_PROBLEM DETAILS_.
Every line containing "Rpower" should be copied out. Go through the entries and find them.

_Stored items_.

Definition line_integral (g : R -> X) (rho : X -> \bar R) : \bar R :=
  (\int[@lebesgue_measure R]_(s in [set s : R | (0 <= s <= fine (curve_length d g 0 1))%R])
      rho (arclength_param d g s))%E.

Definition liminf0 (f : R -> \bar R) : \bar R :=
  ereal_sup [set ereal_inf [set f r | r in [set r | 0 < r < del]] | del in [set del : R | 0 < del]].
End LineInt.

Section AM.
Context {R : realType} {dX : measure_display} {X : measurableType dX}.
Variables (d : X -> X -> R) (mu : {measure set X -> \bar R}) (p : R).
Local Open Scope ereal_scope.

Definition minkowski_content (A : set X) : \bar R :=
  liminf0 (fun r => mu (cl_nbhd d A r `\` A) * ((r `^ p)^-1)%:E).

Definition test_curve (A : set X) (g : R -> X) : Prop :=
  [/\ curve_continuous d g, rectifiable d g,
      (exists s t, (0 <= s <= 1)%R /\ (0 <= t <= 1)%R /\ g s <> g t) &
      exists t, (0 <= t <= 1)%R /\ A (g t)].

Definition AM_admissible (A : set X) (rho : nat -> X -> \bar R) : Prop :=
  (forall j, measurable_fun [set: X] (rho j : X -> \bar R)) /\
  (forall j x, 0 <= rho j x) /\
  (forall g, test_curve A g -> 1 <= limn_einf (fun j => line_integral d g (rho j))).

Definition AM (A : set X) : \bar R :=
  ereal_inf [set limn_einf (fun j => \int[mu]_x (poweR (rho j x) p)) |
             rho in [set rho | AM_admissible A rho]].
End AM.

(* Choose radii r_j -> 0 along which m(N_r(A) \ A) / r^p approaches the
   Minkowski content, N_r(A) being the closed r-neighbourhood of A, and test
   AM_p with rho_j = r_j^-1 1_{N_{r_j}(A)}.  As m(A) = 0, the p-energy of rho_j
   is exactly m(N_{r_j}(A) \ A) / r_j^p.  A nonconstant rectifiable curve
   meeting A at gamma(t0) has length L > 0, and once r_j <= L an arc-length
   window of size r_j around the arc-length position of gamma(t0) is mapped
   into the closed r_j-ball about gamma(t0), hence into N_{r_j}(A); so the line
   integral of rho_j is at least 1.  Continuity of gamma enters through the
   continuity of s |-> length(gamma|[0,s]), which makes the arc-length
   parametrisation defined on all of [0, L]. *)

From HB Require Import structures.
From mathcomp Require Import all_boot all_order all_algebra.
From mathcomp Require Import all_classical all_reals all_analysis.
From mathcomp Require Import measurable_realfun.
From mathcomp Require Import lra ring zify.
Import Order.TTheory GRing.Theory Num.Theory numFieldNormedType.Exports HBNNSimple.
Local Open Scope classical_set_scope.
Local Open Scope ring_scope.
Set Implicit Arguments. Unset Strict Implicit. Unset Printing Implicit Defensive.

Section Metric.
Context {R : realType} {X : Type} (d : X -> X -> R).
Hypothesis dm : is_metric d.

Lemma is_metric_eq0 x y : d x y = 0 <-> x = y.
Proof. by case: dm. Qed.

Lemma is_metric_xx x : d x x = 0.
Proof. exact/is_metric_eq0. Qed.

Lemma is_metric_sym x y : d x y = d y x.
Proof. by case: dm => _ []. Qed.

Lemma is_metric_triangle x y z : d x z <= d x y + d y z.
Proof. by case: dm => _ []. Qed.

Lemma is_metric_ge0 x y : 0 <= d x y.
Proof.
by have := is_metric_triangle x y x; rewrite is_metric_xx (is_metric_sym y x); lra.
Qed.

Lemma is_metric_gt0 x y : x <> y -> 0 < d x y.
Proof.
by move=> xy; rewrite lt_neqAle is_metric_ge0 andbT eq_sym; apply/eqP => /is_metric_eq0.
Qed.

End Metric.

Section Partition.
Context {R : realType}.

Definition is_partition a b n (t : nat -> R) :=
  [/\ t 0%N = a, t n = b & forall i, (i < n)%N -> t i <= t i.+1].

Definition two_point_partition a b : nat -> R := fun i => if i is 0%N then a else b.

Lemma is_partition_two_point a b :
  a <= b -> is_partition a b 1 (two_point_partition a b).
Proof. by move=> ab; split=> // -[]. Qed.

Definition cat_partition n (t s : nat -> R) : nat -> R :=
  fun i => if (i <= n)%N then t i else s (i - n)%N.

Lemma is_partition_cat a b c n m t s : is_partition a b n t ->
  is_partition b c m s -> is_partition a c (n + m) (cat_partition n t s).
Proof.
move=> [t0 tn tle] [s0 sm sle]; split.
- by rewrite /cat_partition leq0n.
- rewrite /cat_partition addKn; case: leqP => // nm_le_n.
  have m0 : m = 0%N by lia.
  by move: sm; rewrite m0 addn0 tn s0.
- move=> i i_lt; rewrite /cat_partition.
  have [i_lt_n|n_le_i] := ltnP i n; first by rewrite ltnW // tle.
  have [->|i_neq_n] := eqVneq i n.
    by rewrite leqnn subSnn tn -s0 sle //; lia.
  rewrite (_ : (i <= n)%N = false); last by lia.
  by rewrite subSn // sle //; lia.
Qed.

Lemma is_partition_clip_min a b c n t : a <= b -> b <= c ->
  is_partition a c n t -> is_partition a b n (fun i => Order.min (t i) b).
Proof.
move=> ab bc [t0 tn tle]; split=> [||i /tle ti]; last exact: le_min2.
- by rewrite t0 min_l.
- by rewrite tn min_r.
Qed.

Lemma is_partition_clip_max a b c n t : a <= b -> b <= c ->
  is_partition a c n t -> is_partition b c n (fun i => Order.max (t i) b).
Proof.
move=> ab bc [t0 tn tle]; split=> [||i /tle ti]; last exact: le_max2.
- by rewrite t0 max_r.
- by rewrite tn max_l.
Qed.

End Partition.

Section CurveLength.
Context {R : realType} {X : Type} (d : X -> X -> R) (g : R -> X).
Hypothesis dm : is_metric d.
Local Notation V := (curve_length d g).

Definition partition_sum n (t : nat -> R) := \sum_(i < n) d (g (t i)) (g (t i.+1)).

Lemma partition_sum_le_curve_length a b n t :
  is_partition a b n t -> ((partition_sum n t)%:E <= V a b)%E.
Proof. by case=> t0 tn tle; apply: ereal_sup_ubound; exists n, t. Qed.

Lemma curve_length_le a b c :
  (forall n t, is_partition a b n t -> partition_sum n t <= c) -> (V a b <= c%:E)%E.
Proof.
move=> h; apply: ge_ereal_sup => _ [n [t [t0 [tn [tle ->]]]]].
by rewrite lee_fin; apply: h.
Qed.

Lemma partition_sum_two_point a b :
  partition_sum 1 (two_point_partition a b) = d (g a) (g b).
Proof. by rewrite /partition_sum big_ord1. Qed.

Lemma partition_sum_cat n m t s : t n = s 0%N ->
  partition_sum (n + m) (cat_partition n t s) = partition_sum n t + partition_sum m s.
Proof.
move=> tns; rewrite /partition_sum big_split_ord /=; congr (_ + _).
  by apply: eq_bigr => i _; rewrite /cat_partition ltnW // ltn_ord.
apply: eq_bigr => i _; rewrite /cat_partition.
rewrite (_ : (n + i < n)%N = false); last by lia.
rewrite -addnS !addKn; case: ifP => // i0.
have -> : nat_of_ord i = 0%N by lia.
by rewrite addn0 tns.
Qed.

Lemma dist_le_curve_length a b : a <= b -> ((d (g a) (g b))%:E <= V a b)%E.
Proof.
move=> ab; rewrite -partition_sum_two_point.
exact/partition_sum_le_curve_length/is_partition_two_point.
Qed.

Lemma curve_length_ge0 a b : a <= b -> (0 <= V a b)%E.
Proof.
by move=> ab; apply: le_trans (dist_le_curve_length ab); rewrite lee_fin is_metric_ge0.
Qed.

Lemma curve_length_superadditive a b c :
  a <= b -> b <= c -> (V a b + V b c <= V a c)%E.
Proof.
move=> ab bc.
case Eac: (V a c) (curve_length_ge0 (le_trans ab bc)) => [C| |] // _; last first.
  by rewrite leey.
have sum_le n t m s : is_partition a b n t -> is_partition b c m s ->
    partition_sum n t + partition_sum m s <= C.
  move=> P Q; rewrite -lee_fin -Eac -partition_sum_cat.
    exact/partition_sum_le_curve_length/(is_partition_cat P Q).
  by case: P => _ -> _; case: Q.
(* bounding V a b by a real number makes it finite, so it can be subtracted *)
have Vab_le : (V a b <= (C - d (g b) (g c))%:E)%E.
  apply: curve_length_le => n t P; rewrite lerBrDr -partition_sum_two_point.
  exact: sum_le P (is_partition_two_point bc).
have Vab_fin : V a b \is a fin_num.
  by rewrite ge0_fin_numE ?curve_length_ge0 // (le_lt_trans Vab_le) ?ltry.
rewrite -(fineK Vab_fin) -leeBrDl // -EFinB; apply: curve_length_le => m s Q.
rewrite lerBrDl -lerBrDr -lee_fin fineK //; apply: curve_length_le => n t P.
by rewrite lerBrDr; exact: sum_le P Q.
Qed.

---

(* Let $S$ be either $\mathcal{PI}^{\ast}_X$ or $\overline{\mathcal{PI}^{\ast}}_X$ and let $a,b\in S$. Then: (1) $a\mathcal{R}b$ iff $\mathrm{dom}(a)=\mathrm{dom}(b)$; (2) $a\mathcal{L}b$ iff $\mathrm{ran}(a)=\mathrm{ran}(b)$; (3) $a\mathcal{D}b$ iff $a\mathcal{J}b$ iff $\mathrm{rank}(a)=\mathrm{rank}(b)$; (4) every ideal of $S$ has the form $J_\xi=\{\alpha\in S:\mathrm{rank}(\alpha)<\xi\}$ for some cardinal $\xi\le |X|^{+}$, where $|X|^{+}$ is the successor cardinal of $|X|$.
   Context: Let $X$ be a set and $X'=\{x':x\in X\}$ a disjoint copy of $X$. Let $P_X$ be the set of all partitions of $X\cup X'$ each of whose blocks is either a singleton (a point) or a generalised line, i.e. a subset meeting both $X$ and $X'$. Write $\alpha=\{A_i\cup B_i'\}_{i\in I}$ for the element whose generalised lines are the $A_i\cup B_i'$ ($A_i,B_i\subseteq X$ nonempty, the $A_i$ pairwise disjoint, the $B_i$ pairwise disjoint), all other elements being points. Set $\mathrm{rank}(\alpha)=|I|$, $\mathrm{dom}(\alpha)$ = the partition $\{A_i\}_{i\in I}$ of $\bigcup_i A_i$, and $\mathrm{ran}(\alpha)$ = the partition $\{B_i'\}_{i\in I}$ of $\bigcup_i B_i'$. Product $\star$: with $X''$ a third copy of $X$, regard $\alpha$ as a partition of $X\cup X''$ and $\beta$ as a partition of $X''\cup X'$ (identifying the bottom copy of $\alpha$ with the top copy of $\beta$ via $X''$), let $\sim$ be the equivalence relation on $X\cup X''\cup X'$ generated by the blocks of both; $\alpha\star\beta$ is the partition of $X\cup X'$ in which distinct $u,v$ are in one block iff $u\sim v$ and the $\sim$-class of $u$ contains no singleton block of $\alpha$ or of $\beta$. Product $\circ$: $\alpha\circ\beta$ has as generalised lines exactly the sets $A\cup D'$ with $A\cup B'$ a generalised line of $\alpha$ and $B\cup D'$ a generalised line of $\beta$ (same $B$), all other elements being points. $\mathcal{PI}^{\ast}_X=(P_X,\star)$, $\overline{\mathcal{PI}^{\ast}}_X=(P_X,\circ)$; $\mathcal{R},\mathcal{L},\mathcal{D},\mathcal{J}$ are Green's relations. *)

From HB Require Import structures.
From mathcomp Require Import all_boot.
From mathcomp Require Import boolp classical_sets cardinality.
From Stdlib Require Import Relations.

--

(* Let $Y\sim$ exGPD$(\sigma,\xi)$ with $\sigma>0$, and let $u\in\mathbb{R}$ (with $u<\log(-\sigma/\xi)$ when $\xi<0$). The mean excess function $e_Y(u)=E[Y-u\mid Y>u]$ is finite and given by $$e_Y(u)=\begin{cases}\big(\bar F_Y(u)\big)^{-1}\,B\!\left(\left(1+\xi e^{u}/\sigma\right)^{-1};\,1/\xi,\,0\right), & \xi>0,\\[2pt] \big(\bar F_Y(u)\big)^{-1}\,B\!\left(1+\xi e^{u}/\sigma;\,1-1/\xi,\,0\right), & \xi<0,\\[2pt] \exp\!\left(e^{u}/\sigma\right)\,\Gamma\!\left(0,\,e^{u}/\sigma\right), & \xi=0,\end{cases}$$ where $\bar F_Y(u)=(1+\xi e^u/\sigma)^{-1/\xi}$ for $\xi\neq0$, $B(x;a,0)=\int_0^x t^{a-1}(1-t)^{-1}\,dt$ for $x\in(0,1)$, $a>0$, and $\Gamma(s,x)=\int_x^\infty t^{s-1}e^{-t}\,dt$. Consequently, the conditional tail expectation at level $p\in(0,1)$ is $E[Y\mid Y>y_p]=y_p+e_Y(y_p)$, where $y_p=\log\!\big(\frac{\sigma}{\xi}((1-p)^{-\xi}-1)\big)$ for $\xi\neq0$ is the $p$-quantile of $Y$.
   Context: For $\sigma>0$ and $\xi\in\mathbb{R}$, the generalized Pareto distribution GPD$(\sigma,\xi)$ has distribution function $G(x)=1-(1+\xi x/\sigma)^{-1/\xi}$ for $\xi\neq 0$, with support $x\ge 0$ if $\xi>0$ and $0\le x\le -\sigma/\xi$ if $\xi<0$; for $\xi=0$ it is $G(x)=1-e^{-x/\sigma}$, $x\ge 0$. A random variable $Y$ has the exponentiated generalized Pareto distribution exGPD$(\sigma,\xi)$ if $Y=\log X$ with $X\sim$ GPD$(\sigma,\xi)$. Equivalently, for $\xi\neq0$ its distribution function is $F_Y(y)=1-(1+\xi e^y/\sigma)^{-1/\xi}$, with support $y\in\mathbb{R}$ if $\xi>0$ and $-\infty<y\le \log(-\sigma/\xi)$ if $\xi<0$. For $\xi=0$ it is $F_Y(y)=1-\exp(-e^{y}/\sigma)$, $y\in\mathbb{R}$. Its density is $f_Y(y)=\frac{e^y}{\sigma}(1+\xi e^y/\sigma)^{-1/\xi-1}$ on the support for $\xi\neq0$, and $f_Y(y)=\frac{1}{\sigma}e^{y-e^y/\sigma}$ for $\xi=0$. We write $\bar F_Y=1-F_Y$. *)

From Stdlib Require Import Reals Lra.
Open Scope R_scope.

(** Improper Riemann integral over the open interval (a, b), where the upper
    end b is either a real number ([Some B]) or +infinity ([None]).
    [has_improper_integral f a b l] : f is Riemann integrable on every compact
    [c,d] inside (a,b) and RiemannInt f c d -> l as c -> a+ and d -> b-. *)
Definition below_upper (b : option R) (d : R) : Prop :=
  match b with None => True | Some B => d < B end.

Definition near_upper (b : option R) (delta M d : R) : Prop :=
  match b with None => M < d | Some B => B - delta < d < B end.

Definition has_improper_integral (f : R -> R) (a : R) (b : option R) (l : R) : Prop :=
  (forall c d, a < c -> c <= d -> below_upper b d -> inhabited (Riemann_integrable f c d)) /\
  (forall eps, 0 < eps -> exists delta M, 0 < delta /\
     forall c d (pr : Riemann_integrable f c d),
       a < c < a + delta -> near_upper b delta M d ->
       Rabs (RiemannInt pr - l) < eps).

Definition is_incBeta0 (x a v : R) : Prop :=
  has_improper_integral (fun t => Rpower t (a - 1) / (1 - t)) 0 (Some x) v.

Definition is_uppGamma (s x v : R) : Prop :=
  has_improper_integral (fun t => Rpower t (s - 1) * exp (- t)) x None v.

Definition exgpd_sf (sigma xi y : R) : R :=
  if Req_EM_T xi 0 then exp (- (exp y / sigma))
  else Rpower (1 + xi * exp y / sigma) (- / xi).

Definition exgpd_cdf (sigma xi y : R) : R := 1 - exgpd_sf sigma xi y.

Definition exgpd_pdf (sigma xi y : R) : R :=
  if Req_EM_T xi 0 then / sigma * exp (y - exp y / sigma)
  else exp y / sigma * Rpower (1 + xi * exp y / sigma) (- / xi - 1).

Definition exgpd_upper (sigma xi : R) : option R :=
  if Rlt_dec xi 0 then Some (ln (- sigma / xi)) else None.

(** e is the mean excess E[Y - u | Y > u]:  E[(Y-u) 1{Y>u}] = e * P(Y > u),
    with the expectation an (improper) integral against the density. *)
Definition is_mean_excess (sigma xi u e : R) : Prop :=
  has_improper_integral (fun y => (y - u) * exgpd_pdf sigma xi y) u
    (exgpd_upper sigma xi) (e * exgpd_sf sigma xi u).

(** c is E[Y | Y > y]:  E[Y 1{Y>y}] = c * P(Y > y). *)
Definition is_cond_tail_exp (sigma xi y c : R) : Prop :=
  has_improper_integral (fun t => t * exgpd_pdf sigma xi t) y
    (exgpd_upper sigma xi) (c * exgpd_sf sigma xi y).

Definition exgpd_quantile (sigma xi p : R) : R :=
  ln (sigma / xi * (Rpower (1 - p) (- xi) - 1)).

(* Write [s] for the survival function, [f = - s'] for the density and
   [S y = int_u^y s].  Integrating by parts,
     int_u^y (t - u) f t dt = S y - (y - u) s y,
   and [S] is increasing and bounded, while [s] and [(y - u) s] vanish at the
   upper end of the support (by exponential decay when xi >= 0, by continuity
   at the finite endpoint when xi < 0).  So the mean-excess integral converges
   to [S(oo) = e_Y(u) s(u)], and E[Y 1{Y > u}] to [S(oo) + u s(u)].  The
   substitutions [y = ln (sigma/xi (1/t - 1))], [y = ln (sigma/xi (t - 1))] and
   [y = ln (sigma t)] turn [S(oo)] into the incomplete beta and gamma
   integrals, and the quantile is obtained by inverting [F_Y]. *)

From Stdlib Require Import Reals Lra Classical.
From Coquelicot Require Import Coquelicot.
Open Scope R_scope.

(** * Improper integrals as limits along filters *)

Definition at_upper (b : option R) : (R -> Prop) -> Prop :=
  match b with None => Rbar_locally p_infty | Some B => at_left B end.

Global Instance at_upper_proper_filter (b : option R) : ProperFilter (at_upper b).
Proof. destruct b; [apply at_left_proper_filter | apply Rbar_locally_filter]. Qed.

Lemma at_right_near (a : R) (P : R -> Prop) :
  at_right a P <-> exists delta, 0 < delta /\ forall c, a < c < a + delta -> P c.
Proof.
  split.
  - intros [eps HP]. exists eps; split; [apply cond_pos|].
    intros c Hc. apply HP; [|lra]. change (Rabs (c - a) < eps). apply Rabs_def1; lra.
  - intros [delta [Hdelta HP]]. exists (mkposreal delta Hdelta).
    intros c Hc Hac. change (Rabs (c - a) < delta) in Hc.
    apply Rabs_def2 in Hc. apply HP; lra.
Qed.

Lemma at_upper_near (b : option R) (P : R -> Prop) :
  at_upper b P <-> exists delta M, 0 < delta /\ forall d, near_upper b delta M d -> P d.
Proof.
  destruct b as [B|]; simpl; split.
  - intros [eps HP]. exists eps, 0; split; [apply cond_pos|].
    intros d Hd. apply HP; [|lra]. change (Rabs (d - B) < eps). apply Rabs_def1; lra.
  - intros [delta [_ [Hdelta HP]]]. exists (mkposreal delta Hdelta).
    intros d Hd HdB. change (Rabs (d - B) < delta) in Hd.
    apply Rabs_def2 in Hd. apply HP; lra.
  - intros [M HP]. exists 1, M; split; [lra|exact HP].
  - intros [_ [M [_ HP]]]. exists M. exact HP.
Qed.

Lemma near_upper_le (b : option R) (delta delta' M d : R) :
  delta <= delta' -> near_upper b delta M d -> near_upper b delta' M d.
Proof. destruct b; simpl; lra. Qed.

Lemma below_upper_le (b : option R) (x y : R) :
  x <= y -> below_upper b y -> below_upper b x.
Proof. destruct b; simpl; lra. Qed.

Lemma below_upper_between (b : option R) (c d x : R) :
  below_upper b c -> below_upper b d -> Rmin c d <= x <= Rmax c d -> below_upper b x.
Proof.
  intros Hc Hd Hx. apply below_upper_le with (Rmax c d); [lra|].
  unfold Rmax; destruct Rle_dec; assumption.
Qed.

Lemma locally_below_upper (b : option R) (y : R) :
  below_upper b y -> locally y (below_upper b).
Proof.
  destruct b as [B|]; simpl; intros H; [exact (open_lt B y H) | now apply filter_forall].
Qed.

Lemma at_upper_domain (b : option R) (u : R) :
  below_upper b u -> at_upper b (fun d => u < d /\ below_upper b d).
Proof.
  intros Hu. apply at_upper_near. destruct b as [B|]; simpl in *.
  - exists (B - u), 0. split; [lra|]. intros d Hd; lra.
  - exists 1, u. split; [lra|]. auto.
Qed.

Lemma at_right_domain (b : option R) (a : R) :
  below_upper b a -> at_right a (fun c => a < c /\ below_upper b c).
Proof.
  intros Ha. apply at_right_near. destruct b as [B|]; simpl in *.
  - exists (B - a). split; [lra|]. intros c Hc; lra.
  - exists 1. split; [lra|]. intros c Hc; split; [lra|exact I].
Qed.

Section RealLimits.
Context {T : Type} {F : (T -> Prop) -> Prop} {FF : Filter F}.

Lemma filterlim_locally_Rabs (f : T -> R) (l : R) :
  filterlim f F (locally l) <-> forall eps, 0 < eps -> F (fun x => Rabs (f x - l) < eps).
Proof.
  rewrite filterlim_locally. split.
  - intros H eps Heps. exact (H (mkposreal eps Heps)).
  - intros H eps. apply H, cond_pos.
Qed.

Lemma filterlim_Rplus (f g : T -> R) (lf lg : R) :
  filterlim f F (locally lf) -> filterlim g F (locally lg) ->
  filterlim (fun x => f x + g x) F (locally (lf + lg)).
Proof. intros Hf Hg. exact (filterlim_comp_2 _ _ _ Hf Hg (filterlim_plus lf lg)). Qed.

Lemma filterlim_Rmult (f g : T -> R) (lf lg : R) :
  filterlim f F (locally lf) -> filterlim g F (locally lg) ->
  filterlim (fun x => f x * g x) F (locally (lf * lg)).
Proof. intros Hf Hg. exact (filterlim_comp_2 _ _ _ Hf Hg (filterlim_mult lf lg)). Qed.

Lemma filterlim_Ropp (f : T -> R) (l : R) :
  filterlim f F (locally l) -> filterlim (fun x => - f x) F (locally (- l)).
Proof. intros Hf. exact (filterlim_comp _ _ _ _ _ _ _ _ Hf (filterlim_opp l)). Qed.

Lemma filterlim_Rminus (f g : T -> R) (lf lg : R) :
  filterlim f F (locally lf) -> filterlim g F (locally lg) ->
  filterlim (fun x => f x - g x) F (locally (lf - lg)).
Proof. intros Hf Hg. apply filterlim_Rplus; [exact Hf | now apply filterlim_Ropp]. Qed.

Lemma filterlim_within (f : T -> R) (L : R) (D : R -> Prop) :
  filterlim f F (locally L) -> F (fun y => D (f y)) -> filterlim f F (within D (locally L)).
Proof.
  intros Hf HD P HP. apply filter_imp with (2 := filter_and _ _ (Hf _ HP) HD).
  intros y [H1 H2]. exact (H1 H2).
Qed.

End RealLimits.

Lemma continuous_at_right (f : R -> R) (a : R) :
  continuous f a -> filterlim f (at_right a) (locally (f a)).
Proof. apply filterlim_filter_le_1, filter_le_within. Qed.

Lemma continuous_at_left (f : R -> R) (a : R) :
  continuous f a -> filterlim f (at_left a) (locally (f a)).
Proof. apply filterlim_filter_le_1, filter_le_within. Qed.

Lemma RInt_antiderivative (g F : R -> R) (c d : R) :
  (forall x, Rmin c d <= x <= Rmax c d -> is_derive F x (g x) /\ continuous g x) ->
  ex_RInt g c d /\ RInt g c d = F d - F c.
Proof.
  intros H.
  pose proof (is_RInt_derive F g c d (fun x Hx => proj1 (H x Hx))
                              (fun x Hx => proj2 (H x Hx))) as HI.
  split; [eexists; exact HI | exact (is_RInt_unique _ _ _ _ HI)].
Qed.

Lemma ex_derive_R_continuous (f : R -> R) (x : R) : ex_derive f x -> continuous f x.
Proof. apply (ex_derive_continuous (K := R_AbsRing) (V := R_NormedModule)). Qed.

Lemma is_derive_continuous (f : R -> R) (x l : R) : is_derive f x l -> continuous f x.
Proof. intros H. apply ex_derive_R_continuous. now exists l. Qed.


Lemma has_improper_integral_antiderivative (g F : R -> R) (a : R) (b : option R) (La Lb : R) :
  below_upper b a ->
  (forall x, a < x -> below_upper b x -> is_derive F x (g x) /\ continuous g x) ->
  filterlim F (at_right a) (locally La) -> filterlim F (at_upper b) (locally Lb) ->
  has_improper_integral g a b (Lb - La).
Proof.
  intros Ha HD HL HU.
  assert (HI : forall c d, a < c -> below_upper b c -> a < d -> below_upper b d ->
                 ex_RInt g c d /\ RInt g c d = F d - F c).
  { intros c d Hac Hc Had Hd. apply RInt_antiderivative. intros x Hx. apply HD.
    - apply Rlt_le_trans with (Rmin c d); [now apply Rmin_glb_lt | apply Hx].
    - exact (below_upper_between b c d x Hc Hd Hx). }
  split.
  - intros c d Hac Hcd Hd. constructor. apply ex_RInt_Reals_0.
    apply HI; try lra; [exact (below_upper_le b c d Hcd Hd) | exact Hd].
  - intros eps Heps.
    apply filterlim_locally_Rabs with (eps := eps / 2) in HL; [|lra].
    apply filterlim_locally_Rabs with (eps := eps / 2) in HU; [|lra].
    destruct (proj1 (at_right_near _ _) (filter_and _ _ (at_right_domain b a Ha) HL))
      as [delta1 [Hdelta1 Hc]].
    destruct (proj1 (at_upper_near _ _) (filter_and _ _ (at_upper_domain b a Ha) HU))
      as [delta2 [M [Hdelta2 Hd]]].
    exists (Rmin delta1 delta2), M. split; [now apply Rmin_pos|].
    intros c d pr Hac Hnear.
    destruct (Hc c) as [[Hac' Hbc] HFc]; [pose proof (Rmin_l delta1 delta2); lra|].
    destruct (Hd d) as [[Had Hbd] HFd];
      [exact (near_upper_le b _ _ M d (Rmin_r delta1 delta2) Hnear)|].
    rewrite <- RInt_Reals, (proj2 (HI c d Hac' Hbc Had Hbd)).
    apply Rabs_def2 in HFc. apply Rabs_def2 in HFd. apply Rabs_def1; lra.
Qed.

_SOLUTION TO THIS PROBLEM_.
  has_improper_integral (fun t => Rpower t (a - 1) / (1 - t)) 0 (Some x) v.
  has_improper_integral (fun t => Rpower t (s - 1) * exp (- t)) x None v.
  else Rpower (1 + xi * exp y / sigma) (- / xi).
  else exp y / sigma * Rpower (1 + xi * exp y / sigma) (- / xi - 1).
  ln (sigma / xi * (Rpower (1 - p) (- xi) - 1)).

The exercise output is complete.